• **DESCRIPTION OF THE TASK**: Give back exactly the lines of the entries below from the line with "Fixpoint topk (k" to the line with "Definition ztop (N", inclusive, and only those.

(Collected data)
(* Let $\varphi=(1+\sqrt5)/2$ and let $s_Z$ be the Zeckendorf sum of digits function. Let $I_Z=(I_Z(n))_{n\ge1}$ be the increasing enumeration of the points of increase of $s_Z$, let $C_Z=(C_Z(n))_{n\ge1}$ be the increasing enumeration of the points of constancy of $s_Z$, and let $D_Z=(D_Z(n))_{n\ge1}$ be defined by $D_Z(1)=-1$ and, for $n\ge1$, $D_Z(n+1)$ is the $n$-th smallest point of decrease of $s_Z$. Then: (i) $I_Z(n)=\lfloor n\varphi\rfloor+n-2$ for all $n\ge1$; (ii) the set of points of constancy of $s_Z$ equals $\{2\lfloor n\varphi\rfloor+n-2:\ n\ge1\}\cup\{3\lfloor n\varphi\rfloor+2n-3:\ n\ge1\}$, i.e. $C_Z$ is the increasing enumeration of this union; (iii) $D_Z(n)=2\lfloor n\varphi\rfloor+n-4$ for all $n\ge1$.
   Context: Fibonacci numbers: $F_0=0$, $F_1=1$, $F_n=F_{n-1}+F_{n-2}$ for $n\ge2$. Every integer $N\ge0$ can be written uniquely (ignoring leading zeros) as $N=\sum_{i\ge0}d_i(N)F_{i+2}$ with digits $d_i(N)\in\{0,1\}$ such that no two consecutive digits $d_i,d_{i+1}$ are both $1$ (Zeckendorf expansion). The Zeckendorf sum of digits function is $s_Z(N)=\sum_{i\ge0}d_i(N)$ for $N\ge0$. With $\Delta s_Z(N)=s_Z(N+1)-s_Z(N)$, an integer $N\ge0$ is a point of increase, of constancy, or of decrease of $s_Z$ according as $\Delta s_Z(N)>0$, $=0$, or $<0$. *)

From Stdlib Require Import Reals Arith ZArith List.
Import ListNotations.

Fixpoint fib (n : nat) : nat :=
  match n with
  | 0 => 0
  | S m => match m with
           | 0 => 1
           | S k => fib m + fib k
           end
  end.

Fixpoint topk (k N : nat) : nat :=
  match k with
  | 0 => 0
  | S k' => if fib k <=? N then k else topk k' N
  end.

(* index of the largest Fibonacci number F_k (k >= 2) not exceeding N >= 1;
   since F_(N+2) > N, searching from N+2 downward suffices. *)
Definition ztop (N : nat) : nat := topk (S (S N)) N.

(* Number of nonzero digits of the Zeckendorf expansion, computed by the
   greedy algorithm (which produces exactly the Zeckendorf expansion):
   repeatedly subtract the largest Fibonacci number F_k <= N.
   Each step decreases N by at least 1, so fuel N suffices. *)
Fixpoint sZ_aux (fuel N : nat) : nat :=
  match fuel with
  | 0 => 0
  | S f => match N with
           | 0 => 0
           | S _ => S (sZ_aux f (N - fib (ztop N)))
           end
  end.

* * *

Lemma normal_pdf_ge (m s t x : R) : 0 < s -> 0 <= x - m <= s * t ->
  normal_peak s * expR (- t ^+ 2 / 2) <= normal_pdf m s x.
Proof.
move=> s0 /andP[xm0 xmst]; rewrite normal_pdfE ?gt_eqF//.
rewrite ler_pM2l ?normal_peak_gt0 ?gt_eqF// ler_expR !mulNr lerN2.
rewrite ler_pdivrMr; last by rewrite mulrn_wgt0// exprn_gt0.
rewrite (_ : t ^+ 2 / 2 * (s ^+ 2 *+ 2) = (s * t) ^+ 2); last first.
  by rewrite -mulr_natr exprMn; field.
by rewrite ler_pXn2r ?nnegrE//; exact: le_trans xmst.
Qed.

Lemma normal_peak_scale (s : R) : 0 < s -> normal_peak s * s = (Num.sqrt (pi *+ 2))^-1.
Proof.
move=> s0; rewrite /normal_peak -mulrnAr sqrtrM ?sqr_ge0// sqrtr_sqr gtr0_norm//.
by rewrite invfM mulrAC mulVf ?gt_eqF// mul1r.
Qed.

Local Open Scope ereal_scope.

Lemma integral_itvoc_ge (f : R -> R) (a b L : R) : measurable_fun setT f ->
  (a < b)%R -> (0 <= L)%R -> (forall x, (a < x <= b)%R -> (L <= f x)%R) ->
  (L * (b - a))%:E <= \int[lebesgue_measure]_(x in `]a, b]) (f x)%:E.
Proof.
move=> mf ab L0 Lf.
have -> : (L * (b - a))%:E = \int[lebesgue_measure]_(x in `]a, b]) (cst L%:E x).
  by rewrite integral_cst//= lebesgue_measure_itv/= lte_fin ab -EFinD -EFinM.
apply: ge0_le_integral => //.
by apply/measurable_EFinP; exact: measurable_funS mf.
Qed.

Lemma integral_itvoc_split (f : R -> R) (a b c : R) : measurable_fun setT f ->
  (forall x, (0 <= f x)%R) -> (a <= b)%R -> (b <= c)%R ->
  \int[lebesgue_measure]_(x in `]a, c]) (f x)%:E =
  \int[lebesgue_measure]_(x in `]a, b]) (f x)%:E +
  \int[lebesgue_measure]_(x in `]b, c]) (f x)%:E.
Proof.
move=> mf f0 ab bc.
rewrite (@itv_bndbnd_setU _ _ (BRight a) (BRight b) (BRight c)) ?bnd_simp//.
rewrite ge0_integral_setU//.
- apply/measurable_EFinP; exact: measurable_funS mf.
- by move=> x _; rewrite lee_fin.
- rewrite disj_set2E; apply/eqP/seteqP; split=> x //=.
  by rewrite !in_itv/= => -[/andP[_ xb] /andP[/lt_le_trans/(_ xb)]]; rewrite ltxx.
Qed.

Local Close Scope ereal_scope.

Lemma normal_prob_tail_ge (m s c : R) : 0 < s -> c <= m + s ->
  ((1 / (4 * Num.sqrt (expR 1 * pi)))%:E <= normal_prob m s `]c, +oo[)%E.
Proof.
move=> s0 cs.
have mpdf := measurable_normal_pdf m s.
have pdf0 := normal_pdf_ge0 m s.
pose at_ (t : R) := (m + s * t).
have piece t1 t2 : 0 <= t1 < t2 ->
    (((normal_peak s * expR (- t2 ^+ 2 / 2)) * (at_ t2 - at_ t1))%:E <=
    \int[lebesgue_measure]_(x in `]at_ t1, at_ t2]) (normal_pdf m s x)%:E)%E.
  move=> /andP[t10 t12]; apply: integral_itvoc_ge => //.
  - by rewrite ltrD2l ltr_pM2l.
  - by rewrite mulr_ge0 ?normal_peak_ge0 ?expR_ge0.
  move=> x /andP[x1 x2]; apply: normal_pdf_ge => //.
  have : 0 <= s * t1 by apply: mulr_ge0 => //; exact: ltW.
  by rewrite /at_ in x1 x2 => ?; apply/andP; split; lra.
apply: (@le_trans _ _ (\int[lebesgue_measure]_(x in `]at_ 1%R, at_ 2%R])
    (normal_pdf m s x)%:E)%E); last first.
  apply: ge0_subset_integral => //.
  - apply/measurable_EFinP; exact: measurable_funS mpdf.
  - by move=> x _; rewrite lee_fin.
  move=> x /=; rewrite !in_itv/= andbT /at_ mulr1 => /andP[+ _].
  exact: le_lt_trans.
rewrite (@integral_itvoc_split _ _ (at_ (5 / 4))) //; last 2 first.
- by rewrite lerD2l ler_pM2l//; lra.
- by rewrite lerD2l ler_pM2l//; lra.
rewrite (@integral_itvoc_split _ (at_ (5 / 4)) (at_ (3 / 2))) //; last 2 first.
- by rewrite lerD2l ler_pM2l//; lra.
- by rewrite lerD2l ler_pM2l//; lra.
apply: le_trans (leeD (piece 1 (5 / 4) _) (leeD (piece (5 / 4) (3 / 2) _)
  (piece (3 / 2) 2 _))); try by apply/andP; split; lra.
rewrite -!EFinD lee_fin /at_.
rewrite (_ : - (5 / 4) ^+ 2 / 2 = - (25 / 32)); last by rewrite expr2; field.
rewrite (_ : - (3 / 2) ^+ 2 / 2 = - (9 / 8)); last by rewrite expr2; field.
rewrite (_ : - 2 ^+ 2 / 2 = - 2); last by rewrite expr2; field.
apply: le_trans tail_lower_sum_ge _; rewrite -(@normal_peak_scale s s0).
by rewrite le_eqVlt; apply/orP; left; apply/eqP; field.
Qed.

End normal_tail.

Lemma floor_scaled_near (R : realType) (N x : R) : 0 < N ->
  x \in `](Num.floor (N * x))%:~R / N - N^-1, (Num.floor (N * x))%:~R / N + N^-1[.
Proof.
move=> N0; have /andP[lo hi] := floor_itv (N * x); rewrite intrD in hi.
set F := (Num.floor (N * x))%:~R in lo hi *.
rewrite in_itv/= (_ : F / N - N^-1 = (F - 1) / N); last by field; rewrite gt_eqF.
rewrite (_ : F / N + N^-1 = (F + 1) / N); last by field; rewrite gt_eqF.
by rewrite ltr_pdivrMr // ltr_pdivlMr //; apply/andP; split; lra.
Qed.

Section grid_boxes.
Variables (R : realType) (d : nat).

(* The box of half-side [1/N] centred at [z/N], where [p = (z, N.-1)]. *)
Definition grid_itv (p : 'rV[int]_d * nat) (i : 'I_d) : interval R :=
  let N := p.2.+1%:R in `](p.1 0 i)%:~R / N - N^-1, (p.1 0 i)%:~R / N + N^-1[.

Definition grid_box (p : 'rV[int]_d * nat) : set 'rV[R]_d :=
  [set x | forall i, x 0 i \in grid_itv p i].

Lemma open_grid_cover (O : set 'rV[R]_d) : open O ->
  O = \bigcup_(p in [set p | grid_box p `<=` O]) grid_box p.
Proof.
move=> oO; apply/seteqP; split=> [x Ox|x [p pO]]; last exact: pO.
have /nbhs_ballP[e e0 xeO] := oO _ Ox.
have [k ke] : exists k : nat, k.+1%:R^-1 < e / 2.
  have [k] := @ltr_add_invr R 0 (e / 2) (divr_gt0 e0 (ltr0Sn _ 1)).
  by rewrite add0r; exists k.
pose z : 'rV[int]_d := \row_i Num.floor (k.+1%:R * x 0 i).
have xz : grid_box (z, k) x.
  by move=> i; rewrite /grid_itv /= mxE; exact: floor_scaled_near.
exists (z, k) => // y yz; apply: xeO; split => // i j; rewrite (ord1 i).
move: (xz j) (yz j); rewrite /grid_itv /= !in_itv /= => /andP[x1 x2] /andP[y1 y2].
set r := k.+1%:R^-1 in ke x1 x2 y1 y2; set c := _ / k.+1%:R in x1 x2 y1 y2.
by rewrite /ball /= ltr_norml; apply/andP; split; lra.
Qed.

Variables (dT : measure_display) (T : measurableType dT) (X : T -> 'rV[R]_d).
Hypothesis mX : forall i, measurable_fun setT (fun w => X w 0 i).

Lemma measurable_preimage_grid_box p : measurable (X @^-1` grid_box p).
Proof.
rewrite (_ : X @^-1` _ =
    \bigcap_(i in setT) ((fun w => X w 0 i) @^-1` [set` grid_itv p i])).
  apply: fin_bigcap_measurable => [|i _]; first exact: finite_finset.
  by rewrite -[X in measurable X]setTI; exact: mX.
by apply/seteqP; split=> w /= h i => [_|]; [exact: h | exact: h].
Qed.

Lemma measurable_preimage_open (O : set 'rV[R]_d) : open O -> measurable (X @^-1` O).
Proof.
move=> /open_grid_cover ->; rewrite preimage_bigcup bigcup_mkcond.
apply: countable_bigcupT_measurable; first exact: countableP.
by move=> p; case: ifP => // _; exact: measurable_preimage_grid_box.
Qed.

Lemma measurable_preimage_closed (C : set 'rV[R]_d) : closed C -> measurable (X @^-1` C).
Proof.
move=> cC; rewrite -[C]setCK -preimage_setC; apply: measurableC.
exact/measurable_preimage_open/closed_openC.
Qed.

...

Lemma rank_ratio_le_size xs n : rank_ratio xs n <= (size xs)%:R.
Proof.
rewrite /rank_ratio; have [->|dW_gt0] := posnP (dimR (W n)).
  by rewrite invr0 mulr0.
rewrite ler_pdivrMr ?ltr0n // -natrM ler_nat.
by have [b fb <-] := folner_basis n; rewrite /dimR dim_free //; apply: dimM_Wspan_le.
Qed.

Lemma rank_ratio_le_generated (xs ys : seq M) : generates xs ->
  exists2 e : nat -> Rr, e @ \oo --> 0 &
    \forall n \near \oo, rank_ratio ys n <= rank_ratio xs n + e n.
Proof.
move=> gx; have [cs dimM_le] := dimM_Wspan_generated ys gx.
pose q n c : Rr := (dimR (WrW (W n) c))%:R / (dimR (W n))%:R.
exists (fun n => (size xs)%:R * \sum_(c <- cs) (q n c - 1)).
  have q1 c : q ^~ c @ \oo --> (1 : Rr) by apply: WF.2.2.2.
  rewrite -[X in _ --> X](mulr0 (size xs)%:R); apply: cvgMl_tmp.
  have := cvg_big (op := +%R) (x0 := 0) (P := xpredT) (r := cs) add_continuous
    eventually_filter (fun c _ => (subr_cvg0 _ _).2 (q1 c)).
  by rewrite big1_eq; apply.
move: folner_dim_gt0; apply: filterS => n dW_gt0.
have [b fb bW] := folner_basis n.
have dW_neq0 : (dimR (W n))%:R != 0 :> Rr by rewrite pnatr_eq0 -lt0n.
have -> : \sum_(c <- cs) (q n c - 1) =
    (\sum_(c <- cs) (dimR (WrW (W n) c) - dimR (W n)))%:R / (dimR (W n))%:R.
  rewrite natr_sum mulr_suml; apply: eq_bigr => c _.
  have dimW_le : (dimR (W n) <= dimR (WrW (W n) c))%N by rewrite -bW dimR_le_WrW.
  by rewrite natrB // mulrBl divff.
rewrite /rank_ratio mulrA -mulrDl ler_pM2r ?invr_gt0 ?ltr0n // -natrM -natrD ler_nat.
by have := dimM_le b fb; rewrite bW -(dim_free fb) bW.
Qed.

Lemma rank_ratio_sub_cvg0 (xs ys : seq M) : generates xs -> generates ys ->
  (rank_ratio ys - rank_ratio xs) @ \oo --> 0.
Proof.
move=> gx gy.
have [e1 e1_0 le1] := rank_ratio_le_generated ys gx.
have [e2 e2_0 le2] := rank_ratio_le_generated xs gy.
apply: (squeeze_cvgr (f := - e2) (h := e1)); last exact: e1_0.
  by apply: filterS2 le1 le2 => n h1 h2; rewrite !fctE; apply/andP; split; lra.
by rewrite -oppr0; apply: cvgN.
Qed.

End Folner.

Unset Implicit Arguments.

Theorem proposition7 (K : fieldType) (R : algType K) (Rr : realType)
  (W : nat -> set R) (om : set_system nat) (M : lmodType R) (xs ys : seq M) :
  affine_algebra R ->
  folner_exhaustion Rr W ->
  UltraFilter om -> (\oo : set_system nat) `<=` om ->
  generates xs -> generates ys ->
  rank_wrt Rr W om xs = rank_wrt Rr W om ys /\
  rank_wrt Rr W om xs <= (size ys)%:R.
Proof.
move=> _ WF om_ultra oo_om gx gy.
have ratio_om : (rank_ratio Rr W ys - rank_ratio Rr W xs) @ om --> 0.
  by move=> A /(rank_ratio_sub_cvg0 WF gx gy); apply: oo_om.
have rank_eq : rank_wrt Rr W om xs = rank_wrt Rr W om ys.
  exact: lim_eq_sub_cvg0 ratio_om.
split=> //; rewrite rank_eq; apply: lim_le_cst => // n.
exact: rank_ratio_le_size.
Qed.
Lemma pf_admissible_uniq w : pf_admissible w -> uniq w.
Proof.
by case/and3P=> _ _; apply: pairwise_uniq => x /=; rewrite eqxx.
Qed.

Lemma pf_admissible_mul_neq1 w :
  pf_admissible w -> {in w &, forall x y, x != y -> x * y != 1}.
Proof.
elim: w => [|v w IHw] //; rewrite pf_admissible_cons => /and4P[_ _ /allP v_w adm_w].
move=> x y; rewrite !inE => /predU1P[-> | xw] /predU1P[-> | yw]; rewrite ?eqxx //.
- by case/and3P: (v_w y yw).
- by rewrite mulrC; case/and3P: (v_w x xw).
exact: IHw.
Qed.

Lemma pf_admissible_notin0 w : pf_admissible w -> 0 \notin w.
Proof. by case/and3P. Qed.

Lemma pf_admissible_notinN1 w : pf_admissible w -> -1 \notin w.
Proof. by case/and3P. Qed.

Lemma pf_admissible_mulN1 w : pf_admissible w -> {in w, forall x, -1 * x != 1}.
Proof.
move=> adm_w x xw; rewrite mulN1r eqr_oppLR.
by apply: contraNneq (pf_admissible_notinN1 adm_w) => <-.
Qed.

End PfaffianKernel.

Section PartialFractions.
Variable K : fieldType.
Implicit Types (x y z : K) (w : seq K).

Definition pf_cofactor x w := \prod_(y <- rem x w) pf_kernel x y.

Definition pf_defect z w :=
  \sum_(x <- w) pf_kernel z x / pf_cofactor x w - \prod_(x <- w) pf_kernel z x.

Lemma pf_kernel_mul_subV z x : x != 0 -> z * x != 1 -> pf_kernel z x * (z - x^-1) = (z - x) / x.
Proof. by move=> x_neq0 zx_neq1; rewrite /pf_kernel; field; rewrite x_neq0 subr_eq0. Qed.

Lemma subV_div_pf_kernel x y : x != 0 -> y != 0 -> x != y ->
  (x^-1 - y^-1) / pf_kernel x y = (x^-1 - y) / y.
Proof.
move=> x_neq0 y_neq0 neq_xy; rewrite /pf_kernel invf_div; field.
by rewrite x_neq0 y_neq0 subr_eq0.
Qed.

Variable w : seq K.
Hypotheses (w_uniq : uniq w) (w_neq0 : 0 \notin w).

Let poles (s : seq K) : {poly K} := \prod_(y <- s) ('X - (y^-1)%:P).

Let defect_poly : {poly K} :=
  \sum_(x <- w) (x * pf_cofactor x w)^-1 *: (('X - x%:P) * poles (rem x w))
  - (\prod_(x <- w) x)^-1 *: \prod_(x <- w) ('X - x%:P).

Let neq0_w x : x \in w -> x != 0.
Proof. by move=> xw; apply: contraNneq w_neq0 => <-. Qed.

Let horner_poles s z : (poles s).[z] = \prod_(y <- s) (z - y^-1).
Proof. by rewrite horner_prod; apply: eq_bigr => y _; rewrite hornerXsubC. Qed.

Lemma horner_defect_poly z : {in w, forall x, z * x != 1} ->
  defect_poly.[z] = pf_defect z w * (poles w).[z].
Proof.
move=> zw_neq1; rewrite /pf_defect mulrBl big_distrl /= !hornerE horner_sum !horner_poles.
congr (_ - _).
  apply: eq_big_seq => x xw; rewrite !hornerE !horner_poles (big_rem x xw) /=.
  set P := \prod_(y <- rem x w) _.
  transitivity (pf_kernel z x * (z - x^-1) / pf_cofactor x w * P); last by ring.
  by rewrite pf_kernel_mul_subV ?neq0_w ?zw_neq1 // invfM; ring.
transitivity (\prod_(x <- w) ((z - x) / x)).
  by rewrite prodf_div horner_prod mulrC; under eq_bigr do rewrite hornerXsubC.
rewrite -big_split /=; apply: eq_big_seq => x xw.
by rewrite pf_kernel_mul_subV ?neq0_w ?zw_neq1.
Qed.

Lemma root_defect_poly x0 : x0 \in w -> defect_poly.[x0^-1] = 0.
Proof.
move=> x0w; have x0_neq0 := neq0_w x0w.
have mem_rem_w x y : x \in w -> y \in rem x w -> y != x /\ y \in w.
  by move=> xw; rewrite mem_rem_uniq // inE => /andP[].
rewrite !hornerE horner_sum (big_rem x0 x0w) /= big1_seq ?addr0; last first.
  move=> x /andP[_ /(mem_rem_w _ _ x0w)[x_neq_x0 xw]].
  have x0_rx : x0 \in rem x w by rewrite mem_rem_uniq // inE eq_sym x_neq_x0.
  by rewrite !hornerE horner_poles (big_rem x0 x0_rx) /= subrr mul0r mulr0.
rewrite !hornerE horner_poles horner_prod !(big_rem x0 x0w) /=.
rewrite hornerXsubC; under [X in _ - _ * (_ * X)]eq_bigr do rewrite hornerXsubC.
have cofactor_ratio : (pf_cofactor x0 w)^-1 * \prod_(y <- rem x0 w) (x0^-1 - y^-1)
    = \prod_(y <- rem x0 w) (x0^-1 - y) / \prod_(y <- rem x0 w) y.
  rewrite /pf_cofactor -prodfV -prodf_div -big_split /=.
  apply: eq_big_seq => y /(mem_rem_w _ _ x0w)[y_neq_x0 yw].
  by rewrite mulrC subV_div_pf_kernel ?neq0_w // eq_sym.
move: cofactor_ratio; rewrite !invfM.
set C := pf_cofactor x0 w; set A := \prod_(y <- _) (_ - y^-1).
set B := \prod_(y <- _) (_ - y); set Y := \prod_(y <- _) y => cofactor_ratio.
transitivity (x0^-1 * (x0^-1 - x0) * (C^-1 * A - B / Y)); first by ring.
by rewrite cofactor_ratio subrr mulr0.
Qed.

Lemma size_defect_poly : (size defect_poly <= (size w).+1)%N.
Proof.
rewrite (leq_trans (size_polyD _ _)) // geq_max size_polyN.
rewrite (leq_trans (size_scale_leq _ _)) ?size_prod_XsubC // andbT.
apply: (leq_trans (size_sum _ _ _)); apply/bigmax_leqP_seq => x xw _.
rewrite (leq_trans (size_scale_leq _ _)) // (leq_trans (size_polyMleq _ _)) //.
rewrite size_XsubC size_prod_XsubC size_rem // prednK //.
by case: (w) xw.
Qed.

• **EXERCISE RESULT**:
Fixpoint topk (k N : nat) : nat :=
  match k with
  | 0 => 0
  | S k' => if fib k <=? N then k else topk k' N
  end.

(* index of the largest Fibonacci number F_k (k >= 2) not exceeding N >= 1;
   since F_(N+2) > N, searching from N+2 downward suffices. *)
Definition ztop (N : nat) : nat := topk (S (S N)) N.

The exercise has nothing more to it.